■ Your assignment ■
Within the listing below, please copy exactly the lines between the line holding "by rewrite (eq_count" and the line holding "rewrite communal_ztriple tsum_ztriple", inclusive.

■ Provided data ■
Lemma series_masked_le_subsum e n : series (masked x e) n <= subsum x e.
Proof.
rewrite subsumE; apply: nondecreasing_cvgn_le; last exact: is_cvg_masked.
by apply: nondecreasing_series => m _ _; exact: masked_ge0.
Qed.

Definition tail_sum n := limn (series x) - series x n.

Lemma tail_sum_lt eps : 0 < eps -> exists n, tail_sum n < eps.
Proof.
move=> eps_gt0; have /cvgrPdist_lt/(_ eps eps_gt0)[N _ /(_ N (leqnn N)) xN] := xsum.
by exists N; exact: le_lt_trans (ler_norm _) xN.
Qed.

Lemma subsum_le_series_masked_tail e n :
  subsum x e <= series (masked x e) n + tail_sum n.
Proof.
rewrite subsumE; apply: limr_le; first exact: is_cvg_masked.
near=> N; have nN : (n <= N)%N by near: N; exists n.
have tail_le : series (masked x e) N - series (masked x e) n <= series x N - series x n.
  by rewrite !sub_series_geq //; apply: ler_sum => i _; exact: masked_le.
have xN : series x N <= limn (series x).
  apply: nondecreasing_cvgn_le; last exact: xsum.
  by apply: nondecreasing_series => m _ _; exact/ltW.
rewrite /tail_sum; lra.
Unshelve. all: end_near.
Qed.
(* Let $k=3$ and $\alpha=(\tfrac12,\tfrac13,\tfrac15)$. Then every $\alpha$-communal triple is (uniquely) a nonnegative integer combination of $[7,5,3]$, $[5,3,2]$, $[3,2,1]$, and the number $f(g)$ of $\alpha$-communal triples with entries summing to $g$ satisfies \[ \sum_{g\ge0}f(g)x^g=\frac{1}{(1-x^{15})(1-x^{10})(1-x^{6})},\qquad f(g)=\binom{\lfloor g/2\rfloor+\lfloor g/3\rfloor+\lfloor g/5\rfloor-g+2}{2}. \]
   Context: A triple $[g_1,g_2,g_3]$ of integers is $\alpha$-communal if $0\le g_i\le\alpha_i(g_1+g_2+g_3)$ for $i=1,2,3$. Binomial coefficients $\binom{n}{r}$ are $0$ for $0\le n<r$. *)

From HB Require Import structures.
From mathcomp Require Import all_boot all_order all_algebra.
Set Implicit Arguments. Unset Strict Implicit. Unset Printing Implicit Defensive.
Import Order.TTheory GRing.Theory Num.Theory.

Local Open Scope ring_scope.

Definition itriple := (int * int * int)%type.

Definition communal (a : rat * rat * rat) (g : itriple) : bool :=
  let: ((g1, g2), g3) := g in
  let: ((a1, a2), a3) := a in
  let s : rat := (g1 + g2 + g3)%:~R in
  [&& 0 <= g1, g1%:~R <= a1 * s,
      0 <= g2, g2%:~R <= a2 * s,
      0 <= g3 & g3%:~R <= a3 * s].

Definition alpha : rat * rat * rat := (1 / 2%:R, 1 / 3%:R, 1 / 5%:R).

Definition tsum (g : itriple) : int := g.1.1 + g.1.2 + g.2.

Definition comb (abc : nat * nat * nat) : itriple :=
  let: ((a, b), c) := abc in
  (((7 * a + 5 * b + 3 * c)%N : int),
   ((5 * a + 3 * b + 2 * c)%N : int),
   ((3 * a + 2 * b + c)%N : int)).

(* f(g) = number of alpha-communal triples with entries summing to g.
   Any such triple has entries in [0, g], so enumerating those suffices. *)
Definition f (g : nat) : nat :=
  count (fun t => communal alpha t && (tsum t == g%:Z))
    [seq ((xy.1%:Z, xy.2%:Z), z%:Z)
       | xy <- [seq (x, y) | x <- iota 0 g.+1, y <- iota 0 g.+1],
         z <- iota 0 g.+1].

Definition gf_trunc (N : nat) : {poly int} := \poly_(i < N.+1) (f i)%:R.

Definition denom : {poly int} := (1 - 'X^15) * (1 - 'X^10) * (1 - 'X^6).

From HB Require Import structures.
From mathcomp Require Import all_boot all_order all_algebra.
From mathcomp Require Import ring zify.
Import Order.TTheory GRing.Theory Num.Theory.

(* 1. Clearing denominators, [x, y, z] is alpha-communal iff x, y, z >= 0
      and 2x, 3y, 5z <= x + y + z.  The map comb (a, b, c) =
      a[7,5,3] + b[5,3,2] + c[3,2,1] has determinant -1 with inverse
      (y + z - x, x + z - 2y, x + y - 4z), and the three communality
      inequalities say exactly that this inverse image is nonnegative.
   2. For a triple of entry sum g, communality means x <= g/2, y <= g/3,
      z <= g/5, so (g/2 - x, g/3 - y, g/5 - z) is a bijection onto the
      triples of naturals summing to h = g/2 + g/3 + g/5 - g; there are
      'C(h + 2, 2) of them (stars and bars), and none when h < 0.
   3. Multiplication by denom acts on coefficient sequences as a finite
      signed sum of shifts.  Writing L(g) = h + 2 for the binomial
      parameter, L(g + 30) = L(g) + 1, so the closed form satisfies
      F(g + 30) = F(g) + L(g).  Since denom(1) = 0, the shift operator
      kills constants; hence it kills L and then F from index 31 on as
      soon as it does so on one period, which is checked by computation.
      Together with the values at indices below 31 this gives
      denom * sum_g F(g) x^g = 1. *)

Local Open Scope ring_scope.

Lemma le_unit_fraction (u s : int) (k : nat) : (0 < k)%N ->
  ((u%:~R : rat) <= 1 / k%:R * s%:~R) = (u * k%:Z <= s).
Proof.
move=> k_gt0; rewrite mul1r ler_pdivlMl ?ltr0n //.
by rewrite -[k%:R]/((k%:Z)%:~R : rat) -intrM ler_int mulrC.
Qed.

Lemma communalE (x y z : int) : communal alpha ((x, y), z) =
  [&& 0 <= x, x * 2 <= x + y + z, 0 <= y, y * 3 <= x + y + z,
      0 <= z & z * 5 <= x + y + z].
Proof. by rewrite /communal /alpha !le_unit_fraction. Qed.

Lemma comb_inj : injective comb.
Proof. by case=> [[a b] c] [[a' b'] c'] [e1 e2 e3]; congr (_, _, _); lia. Qed.

Lemma communal_comb g : communal alpha g -> exists abc, g = comb abc.
Proof.
case: g => [[x y] z]; rewrite communalE => /and5P[x_ge0 hx y_ge0 hy /andP[z_ge0 hz]].
exists ((`|(y + z - x)%R|%N, `|(x + z - y * 2)%R|%N), `|(x + y - z * 4)%R|%N).
by rewrite /comb; congr (_, _, _); lia.
Qed.

Local Close Scope ring_scope.

Lemma count_bij (T U : eqType) (P : pred T) (Q : pred U)
    (s : seq T) (t : seq U) (phi : U -> T) (psi : T -> U) :
  uniq s -> uniq t ->
  (forall u, u \in t -> Q u -> [/\ phi u \in s, P (phi u) & psi (phi u) = u]) ->
  (forall x, x \in s -> P x -> [/\ psi x \in t, Q (psi x) & phi (psi x) = x]) ->
  count P s = count Q t.
Proof.
move=> s_uniq t_uniq phiP psiP.
rewrite -!size_filter -(size_map phi); apply/perm_size/uniq_perm.
- exact: filter_uniq.
- rewrite map_inj_in_uniq ?filter_uniq // => u v.
  rewrite !mem_filter => /andP[Qu tu] /andP[Qv tv] eq_phi.
  by have [_ _ <-] := phiP u tu Qu; have [_ _ <-] := phiP v tv Qv; rewrite eq_phi.
move=> x; rewrite mem_filter; apply/andP/mapP => [[Px sx] | [u]].
  have [tx Qx phix] := psiP x sx Px.
  by exists (psi x); rewrite ?mem_filter ?Qx.
by rewrite mem_filter => /andP[Qu tu] ->; have [] := phiP u tu Qu.
Qed.

Lemma count_allpairs (S T R : Type) (h : S -> T -> R) (p : pred R) s t :
  count p [seq h x y | x <- s, y <- t] = \sum_(x <- s) count (fun y => p (h x y)) t.
Proof.
rewrite -sum1_count big_mkcond big_allpairs_dep /=.
by apply: eq_bigr => x _; rewrite -sum1_count [RHS]big_mkcond.
Qed.

Definition pairs (n : nat) : seq (nat * nat) :=
  [seq (x, y) | x <- iota 0 n, y <- iota 0 n].

Definition box (n : nat) : seq (nat * nat * nat) :=
  [seq (xy, z) | xy <- pairs n, z <- iota 0 n].

Definition nsum (t : nat * nat * nat) : nat := t.1.1 + t.1.2 + t.2.

Lemma mem_pairs n p : (p \in pairs n) = (p.1 < n) && (p.2 < n).
Proof.
apply/allpairsP/andP => [[[x y] [/= hx hy ->]] | [h1 h2]].
  by move: hx hy; rewrite !mem_iota.
by exists p; rewrite !mem_iota; case: p h1 h2.
Qed.

Lemma mem_box n t : (t \in box n) = [&& t.1.1 < n, t.1.2 < n & t.2 < n].
Proof.
apply/allpairsP/and3P => [[[xy z] [/= hxy hz ->]] | [h1 h2 h3]].
  by move: hxy hz; rewrite mem_pairs mem_iota => /andP[-> ->].
by exists t; rewrite mem_pairs mem_iota h1 h2 h3; case: t {h1 h2 h3} => [[]].
Qed.

Lemma box_uniq n : uniq (box n).
Proof.
apply: allpairs_uniq; rewrite ?iota_uniq //; last by move=> [? ?] [? ?].
by apply: allpairs_uniq; rewrite ?iota_uniq //; move=> [? ?] [? ?].
Qed.

Lemma count_iota_eq k e n : e < n ->
  count (fun z => k + z == e) (iota 0 n) = (k <= e).
Proof.
move=> e_lt_n; have [k_le_e | e_lt_k] := leqP k e.
  rewrite (eq_count (a2 := pred1 (e - k))) => [|z]; last by apply/eqP/eqP; lia.
  by rewrite count_uniq_mem ?iota_uniq // mem_iota; apply/eqP; lia.
by rewrite (eq_count (a2 := pred0)) ?count_pred0 // => z; apply/negbTE/eqP; lia.
Qed.

Lemma count_iota_le k e n : e < n ->
  count (fun y => k + y <= e) (iota 0 n) = e.+1 - k.
Proof.
move=> e_lt_n; have [k_le_e | e_lt_k] := leqP k e.
  rewrite -size_filter (eq_filter (a2 := fun y => y <= 0 + (e - k))) => [|y].
    by rewrite filter_iota_leq ?size_iota; lia.
  by apply/idP/idP; lia.
rewrite (eq_count (a2 := pred0)) ?count_pred0 => [|y]; last by apply/negbTE; lia.
by apply/esym/eqP; rewrite subn_eq0.
Qed.

(* Summing the counts above over k < n; the binomial corrects for k >= n. *)
Lemma sum_iota_sub e n :
  \sum_(x <- iota 0 n) (e.+1 - x) + 'C(e.+2 - n, 2) = 'C(e.+2, 2).
Proof.
elim: n => [|n IH]; first by rewrite big_nil.
rewrite -addn1 iotaD big_cat big_seq1 /= add0n -IH.
have [n_le | n_gt] := leqP n e.+1.
  have -> : e.+2 - n = (e.+2 - (n + 1)).+1 by lia.
  by rewrite binS bin1 addnA addnAC; congr (_ + _); lia.
by rewrite !bin_small; lia.
Qed.

Lemma count_simplex e n : e < n -> count (fun t => nsum t == e) (box n) = 'C(e.+2, 2).
Proof.
move=> e_lt_n; rewrite count_allpairs /pairs big_allpairs /=.
rewrite -(sum_iota_sub e n) [X in _ + X]bin_small ?addn0; last lia.
apply: eq_bigr => x _; rewrite -(@count_iota_le x e n e_lt_n) -sum1_count [RHS]big_mkcond.
by apply: eq_bigr => y _; rewrite /nsum /= count_iota_eq //; case: leqP.
Qed.

Definition level (g : nat) : nat := g %/ 2 + g %/ 3 + g %/ 5 + 2 - g.

Definition ztriple (t : nat * nat * nat) : itriple := ((Posz t.1.1, Posz t.1.2), Posz t.2).

Lemma tsum_ztriple t : tsum (ztriple t) = nsum t.
Proof. by case: t => [[x y] z]; rewrite /tsum /= -!PoszD. Qed.

Lemma communal_ztriple t : communal alpha (ztriple t) =
  [&& t.1.1 * 2 <= nsum t, t.1.2 * 3 <= nsum t & t.2 * 5 <= nsum t].
Proof. by case: t => [[x y] z]; rewrite communalE /nsum /= -!PoszM -!PoszD !lez_nat. Qed.

Lemma f_box g : f g = count (fun t => [&& t.1.1 * 2 <= g, t.1.2 * 3 <= g,
                                        t.2 * 5 <= g & nsum t == g]) (box g.+1).
Proof.
rewrite /f -[X in count _ X]/[seq ztriple (xy, z) | xy <- pairs g.+1, z <- iota 0 g.+1].
rewrite -map_allpairs count_map; apply: eq_count => t.
rewrite -[LHS]/(communal alpha (ztriple t) && (tsum (ztriple t) == g)).
rewrite communal_ztriple tsum_ztriple eqz_nat.
by case: (nsum t =P g) => [-> | _]; rewrite ?andbF ?andbT -?andbA.
Qed.

(* f(g) = 'C(L(g), 2), via the bijection t |-> (g/2, g/3, g/5) - t onto a simplex. *)
Theorem f_closed_form g : f g = 'C(level g, 2).
Proof.
rewrite f_box; have [h_ge0 | h_lt0] := leqP g (g %/ 2 + g %/ 3 + g %/ 5).
  have -> : level g = (g %/ 2 + g %/ 3 + g %/ 5 - g).+2 by rewrite /level; lia.
  rewrite -(@count_simplex _ g.+1); last lia.
  pose flip (t : nat * nat * nat) := ((g %/ 2 - t.1.1, g %/ 3 - t.1.2), g %/ 5 - t.2).
  apply: (@count_bij _ _ _ _ _ _ flip flip); rewrite ?box_uniq // => -[[x y] z].
    rewrite !mem_box /nsum /flip /= => /and3P[hx hy hz] /eqP sum_h.
    by split; [apply/and3P; split | apply/and4P; split; try apply/eqP
              | congr (_, _, _)]; lia.
  rewrite !mem_box /nsum /flip /= => /and3P[hx hy hz] /and4P[h2 h3 h5 /eqP sum_g].
  by split; [apply/and3P; split | apply/eqP | congr (_, _, _)]; lia.
rewrite bin_small; last by rewrite /level; lia.
rewrite (eq_in_count (a2 := pred0)) ?count_pred0 // => -[[x y] z] _ /=.
by apply/and4P => -[h2 h3 h5 /eqP sum_g]; rewrite /nsum /= in sum_g; lia.
Qed.

Local Open Scope ring_scope.

(* Coefficient sequence of X^k * c. *)
Definition shiftn (k : nat) (c : nat -> int) (i : nat) : int :=
  if (i < k)%N then 0 else c (i - k)%N.

Definition poly_of_terms (ts : seq (int * nat)) : {poly int} :=
  \sum_(t <- ts) t.1 *: 'X^(t.2).

Definition apply_terms (ts : seq (int * nat)) (c : nat -> int) (i : nat) : int :=
  \sum_(t <- ts) t.1 * shiftn t.2 c i.

Section TermOperator.

Variable ts : seq (int * nat).

Lemma coef_poly_of_terms_mul (q : {poly int}) (c : nat -> int) (i : nat) :
  (forall j, (j <= i)%N -> q`_j = c j) ->
  (poly_of_terms ts * q)`_i = apply_terms ts c i.
Proof.
move=> qc; rewrite /poly_of_terms mulr_suml coef_sum; apply: eq_bigr => t _.
rewrite -scalerAl coefZ coefXnM /shiftn; case: ifP => // _.
by rewrite qc // leq_subr.
Qed.

Lemma eq_apply_terms (c d : nat -> int) (i : nat) :
  c =1 d -> apply_terms ts c i = apply_terms ts d i.
Proof. by move=> eq_cd; apply: eq_bigr => t _; rewrite /shiftn eq_cd. Qed.

Lemma apply_terms_add (c d : nat -> int) (i : nat) :
  apply_terms ts (fun j => c j + d j) i = apply_terms ts c i + apply_terms ts d i.
Proof.
rewrite /apply_terms -big_split; apply: eq_bigr => t _.
by rewrite /shiftn /=; case: ifP => _; rewrite ?mulr0 ?addr0 ?mulrDr.
Qed.

Lemma apply_terms_translate (c : nat -> int) (T i : nat) :
  (forall t, t \in ts -> (t.2 <= i)%N) ->
  apply_terms ts c (i + T) = apply_terms ts (fun j => c (j + T)%N) i.
Proof.
move=> deg_le; rewrite /apply_terms; apply: eq_big_seq => t /deg_le t_le.
by rewrite /shiftn !ltnNge t_le (leq_trans t_le (leq_addr _ _)) /= addnBAC.
Qed.

Lemma apply_terms_const (a : int) (i : nat) :
  (forall t, t \in ts -> (t.2 <= i)%N) ->
  apply_terms ts (fun _ => a) i = a * (poly_of_terms ts).[1].
Proof.
move=> deg_le; rewrite /poly_of_terms horner_sum mulr_sumr /apply_terms.
apply: eq_big_seq => t /deg_le t_le.
by rewrite /shiftn ltnNge t_le hornerZ hornerXn expr1n mulr1 mulrC.
Qed.

Lemma apply_terms_propagate (c d : nat -> int) (T s : nat) :
  (0 < T)%N -> (forall t, t \in ts -> (t.2 <= s)%N) ->
  (forall j, c (j + T)%N = c j + d j) ->
  (forall i, (s <= i)%N -> apply_terms ts d i = 0) ->
  (forall i, (s <= i < s + T)%N -> apply_terms ts c i = 0) ->
  forall i, (s <= i)%N -> apply_terms ts c i = 0.
Proof.
move=> T_gt0 deg_le c_step d0 window; elim/ltn_ind => i IH s_le_i.
have [i_lt | i_ge] := ltnP i (s + T); first by rewrite window ?s_le_i.
have -> : i = (i - T + T)%N by lia.
rewrite apply_terms_translate => [|t /deg_le]; last lia.
rewrite (@eq_apply_terms _ _ _ c_step) apply_terms_add IH ?d0 ?addr0 //; lia.
Qed.

End TermOperator.

Definition denom_terms : seq (int * nat) :=
  [:: (1, 0%N); (-1, 6%N); (-1, 10%N); (-1, 15%N);
      (1, 16%N); (1, 21%N); (1, 25%N); (-1, 31%N)].

Lemma denomE : denom = poly_of_terms denom_terms.
Proof.
rewrite /poly_of_terms !big_cons big_nil /= !scaleN1r !scale1r /denom.
by rewrite expr0; ring.
Qed.

Lemma denom_deg t : t \in denom_terms -> (t.2 <= 31)%N.
Proof. by rewrite !inE => /or4P[|||/or4P[||| /orP[]]] /eqP ->. Qed.

(* denom(1) = 0, so the operator of denom annihilates constant sequences. *)
Lemma denom_at_1 : (poly_of_terms denom_terms).[1] = 0.
Proof. by rewrite -denomE /denom !hornerE. Qed.

Definition levelZ (g : nat) : int := level g.
Definition closedZ (g : nat) : int := 'C(level g, 2).

Lemma level_period g : level (g + 30) = (level g).+1.
Proof. by rewrite /level; lia. Qed.

Lemma closed_period g : closedZ (g + 30) = closedZ g + levelZ g.
Proof. by rewrite /closedZ /levelZ level_period binS bin1 PoszD. Qed.

(* The finite part of the verification: one period of each sequence. *)
Lemma closed_window :
  all (fun i => apply_terms denom_terms closedZ i == (i == 0%N)%:R) (iota 0 61).
Proof. by rewrite /apply_terms unlock; vm_compute. Qed.

Lemma level_window :
  all (fun i => apply_terms denom_terms levelZ i == 0) (iota 31 30).
Proof. by rewrite /apply_terms unlock; vm_compute. Qed.

(* denom annihilates L from index 31 on: L steps by the constant 1. *)
Lemma denom_level : forall i, (31 <= i)%N -> apply_terms denom_terms levelZ i = 0.
Proof.
apply: (@apply_terms_propagate _ _ (fun _ => 1) 30 31) => //.
- exact: denom_deg.
- by move=> j; rewrite /levelZ level_period -addn1 PoszD.
- move=> i i_ge; rewrite apply_terms_const ?denom_at_1 ?mulr0 // => t /denom_deg.
  by move/leq_trans; apply.
- move=> i /andP[i_ge i_lt]; apply/eqP.
  by move/allP: level_window; apply; rewrite mem_iota i_ge.
Qed.

Lemma denom_closed_small i : (i < 61)%N ->
  apply_terms denom_terms closedZ i = (i == 0%N)%:R.
Proof. by move=> i_lt; apply/eqP; move/allP: closed_window; apply; rewrite mem_iota. Qed.

(* denom * sum_g F(g) x^g = 1: F steps by L, which denom annihilates. *)
Lemma denom_closed i : apply_terms denom_terms closedZ i = (i == 0%N)%:R.
Proof.
have [i_lt | i_ge] := ltnP i 61; first exact: denom_closed_small.
have -> : (i == 0%N) = false by apply/eqP; lia.
apply: (@apply_terms_propagate _ closedZ levelZ 30 31) => //; last lia.
- exact: denom_deg.
- exact: closed_period.
- exact: denom_level.
- move=> j /andP[j_ge j_lt]; rewrite denom_closed_small //.
  by have -> : (j == 0%N) = false by apply/eqP; lia.
Qed.

Theorem mainTheorem9 :
  (forall g : itriple, communal alpha g ->
     exists! abc : nat * nat * nat, g = comb abc)
  /\
  (* formal power series identity  denom * (sum_g f(g) x^g) = 1,
     checked coefficientwise on all truncations *)
  (forall N i : nat, (i <= N)%N ->
     (denom * gf_trunc N)`_i = ((i == 0%N)%:R : int))
  /\
  (forall g : nat,
     f g = 'C(g %/ 2 + g %/ 3 + g %/ 5 + 2 - g, 2)%N).
Proof.
split.
  move=> g /communal_comb[abc g_eq]; exists abc; split=> // abc' g_eq'.
  by apply: comb_inj; rewrite -g_eq -g_eq'.
split; last exact: f_closed_form.
move=> N i i_le_N; rewrite denomE -denom_closed.
apply: coef_poly_of_terms_mul => j j_le_i.
by rewrite coef_poly ltnS (leq_trans j_le_i i_le_N) f_closed_form natz.
Qed.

■ Exercise result ■
by rewrite (eq_count (a2 := pred0)) ?count_pred0 // => z; apply/negbTE/eqP; lia.
Qed.

Lemma count_iota_le k e n : e < n ->
  count (fun y => k + y <= e) (iota 0 n) = e.+1 - k.
Proof.
move=> e_lt_n; have [k_le_e | e_lt_k] := leqP k e.
  rewrite -size_filter (eq_filter (a2 := fun y => y <= 0 + (e - k))) => [|y].
    by rewrite filter_iota_leq ?size_iota; lia.
  by apply/idP/idP; lia.
rewrite (eq_count (a2 := pred0)) ?count_pred0 => [|y]; last by apply/negbTE; lia.
by apply/esym/eqP; rewrite subn_eq0.
Qed.

(* Summing the counts above over k < n; the binomial corrects for k >= n. *)
Lemma sum_iota_sub e n :
  \sum_(x <- iota 0 n) (e.+1 - x) + 'C(e.+2 - n, 2) = 'C(e.+2, 2).
Proof.
elim: n => [|n IH]; first by rewrite big_nil.
rewrite -addn1 iotaD big_cat big_seq1 /= add0n -IH.
have [n_le | n_gt] := leqP n e.+1.
  have -> : e.+2 - n = (e.+2 - (n + 1)).+1 by lia.
  by rewrite binS bin1 addnA addnAC; congr (_ + _); lia.
by rewrite !bin_small; lia.
Qed.

Lemma count_simplex e n : e < n -> count (fun t => nsum t == e) (box n) = 'C(e.+2, 2).
Proof.
move=> e_lt_n; rewrite count_allpairs /pairs big_allpairs /=.
rewrite -(sum_iota_sub e n) [X in _ + X]bin_small ?addn0; last lia.
apply: eq_bigr => x _; rewrite -(@count_iota_le x e n e_lt_n) -sum1_count [RHS]big_mkcond.
by apply: eq_bigr => y _; rewrite /nsum /= count_iota_eq //; case: leqP.
Qed.

Definition level (g : nat) : nat := g %/ 2 + g %/ 3 + g %/ 5 + 2 - g.

Definition ztriple (t : nat * nat * nat) : itriple := ((Posz t.1.1, Posz t.1.2), Posz t.2).

Lemma tsum_ztriple t : tsum (ztriple t) = nsum t.
Proof. by case: t => [[x y] z]; rewrite /tsum /= -!PoszD. Qed.

Lemma communal_ztriple t : communal alpha (ztriple t) =
  [&& t.1.1 * 2 <= nsum t, t.1.2 * 3 <= nsum t & t.2 * 5 <= nsum t].
Proof. by case: t => [[x y] z]; rewrite communalE /nsum /= -!PoszM -!PoszD !lez_nat. Qed.

Lemma f_box g : f g = count (fun t => [&& t.1.1 * 2 <= g, t.1.2 * 3 <= g,
                                        t.2 * 5 <= g & nsum t == g]) (box g.+1).
Proof.
rewrite /f -[X in count _ X]/[seq ztriple (xy, z) | xy <- pairs g.+1, z <- iota 0 g.+1].
rewrite -map_allpairs count_map; apply: eq_count => t.
rewrite -[LHS]/(communal alpha (ztriple t) && (tsum (ztriple t) == g)).
rewrite communal_ztriple tsum_ztriple eqz_nat.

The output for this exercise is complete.